(Stored data entries)
'''
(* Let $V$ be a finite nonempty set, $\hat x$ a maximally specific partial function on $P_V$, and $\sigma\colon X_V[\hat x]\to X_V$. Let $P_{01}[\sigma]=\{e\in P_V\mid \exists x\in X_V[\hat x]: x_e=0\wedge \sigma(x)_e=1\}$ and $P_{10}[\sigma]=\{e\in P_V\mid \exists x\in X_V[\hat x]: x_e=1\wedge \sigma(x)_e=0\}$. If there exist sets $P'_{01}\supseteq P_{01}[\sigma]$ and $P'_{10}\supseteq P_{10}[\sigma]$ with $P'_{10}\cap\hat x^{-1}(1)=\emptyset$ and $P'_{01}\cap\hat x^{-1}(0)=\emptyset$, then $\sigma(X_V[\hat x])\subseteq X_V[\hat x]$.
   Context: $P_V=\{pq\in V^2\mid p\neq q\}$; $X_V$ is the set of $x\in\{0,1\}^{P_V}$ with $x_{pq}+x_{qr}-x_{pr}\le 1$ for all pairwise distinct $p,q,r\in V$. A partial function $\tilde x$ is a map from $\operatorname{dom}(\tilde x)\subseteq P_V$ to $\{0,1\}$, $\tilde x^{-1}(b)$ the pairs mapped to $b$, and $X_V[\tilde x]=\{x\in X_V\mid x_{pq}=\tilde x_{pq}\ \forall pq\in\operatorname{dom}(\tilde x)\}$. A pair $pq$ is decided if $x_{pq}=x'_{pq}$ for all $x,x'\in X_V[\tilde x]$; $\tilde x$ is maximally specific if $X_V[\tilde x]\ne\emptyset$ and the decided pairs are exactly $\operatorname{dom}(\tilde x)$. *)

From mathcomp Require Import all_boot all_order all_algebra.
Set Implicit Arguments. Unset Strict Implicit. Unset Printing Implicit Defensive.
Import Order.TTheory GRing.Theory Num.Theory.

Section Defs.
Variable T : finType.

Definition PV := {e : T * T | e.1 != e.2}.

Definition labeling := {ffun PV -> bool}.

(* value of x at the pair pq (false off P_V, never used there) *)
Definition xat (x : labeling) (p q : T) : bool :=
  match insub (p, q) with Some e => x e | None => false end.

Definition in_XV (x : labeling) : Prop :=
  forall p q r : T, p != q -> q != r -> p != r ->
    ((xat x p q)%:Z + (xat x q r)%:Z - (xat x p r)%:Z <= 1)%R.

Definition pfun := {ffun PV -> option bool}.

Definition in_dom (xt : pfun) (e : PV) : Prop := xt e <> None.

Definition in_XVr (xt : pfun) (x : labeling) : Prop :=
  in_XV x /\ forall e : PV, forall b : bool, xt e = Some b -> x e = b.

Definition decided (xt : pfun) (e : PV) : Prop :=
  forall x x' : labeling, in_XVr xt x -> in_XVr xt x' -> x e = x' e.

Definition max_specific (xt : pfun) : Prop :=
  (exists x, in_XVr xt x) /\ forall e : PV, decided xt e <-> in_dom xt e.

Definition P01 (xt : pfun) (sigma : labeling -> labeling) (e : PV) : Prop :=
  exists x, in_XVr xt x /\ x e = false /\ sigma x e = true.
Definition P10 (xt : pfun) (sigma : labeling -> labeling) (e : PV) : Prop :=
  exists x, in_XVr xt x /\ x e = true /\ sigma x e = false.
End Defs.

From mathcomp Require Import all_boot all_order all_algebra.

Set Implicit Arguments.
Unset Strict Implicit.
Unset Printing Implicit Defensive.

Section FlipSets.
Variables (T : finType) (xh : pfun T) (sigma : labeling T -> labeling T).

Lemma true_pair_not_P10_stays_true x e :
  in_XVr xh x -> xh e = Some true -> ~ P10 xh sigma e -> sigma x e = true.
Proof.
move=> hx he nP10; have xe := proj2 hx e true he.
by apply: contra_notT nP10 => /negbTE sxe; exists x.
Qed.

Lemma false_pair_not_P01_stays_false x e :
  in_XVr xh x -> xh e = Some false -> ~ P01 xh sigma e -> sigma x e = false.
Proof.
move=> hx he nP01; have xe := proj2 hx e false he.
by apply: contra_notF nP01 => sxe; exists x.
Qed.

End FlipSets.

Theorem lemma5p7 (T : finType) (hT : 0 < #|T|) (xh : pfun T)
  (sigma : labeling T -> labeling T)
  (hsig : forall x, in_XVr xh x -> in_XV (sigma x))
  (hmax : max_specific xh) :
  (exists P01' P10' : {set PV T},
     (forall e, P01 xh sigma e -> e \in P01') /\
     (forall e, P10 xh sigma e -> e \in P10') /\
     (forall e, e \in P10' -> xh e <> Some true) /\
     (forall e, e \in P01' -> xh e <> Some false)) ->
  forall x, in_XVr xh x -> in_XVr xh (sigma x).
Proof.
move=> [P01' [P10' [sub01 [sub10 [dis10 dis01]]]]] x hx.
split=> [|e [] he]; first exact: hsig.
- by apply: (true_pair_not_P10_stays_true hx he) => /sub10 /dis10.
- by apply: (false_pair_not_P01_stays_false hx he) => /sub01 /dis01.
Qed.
'''
_What is needed_. Print again the lines of the entries above that fall between the line holding "forall x, in_XVr xh x -> in_XVr" and the line holding "- by apply: (true_pair_not_P10_stays_true", inclusive, exactly as they stand.

_Task answer_.
  forall x, in_XVr xh x -> in_XVr xh (sigma x).
Proof.
move=> [P01' [P10' [sub01 [sub10 [dis10 dis01]]]]] x hx.
split=> [|e [] he]; first exact: hsig.
- by apply: (true_pair_not_P10_stays_true hx he) => /sub10 /dis10.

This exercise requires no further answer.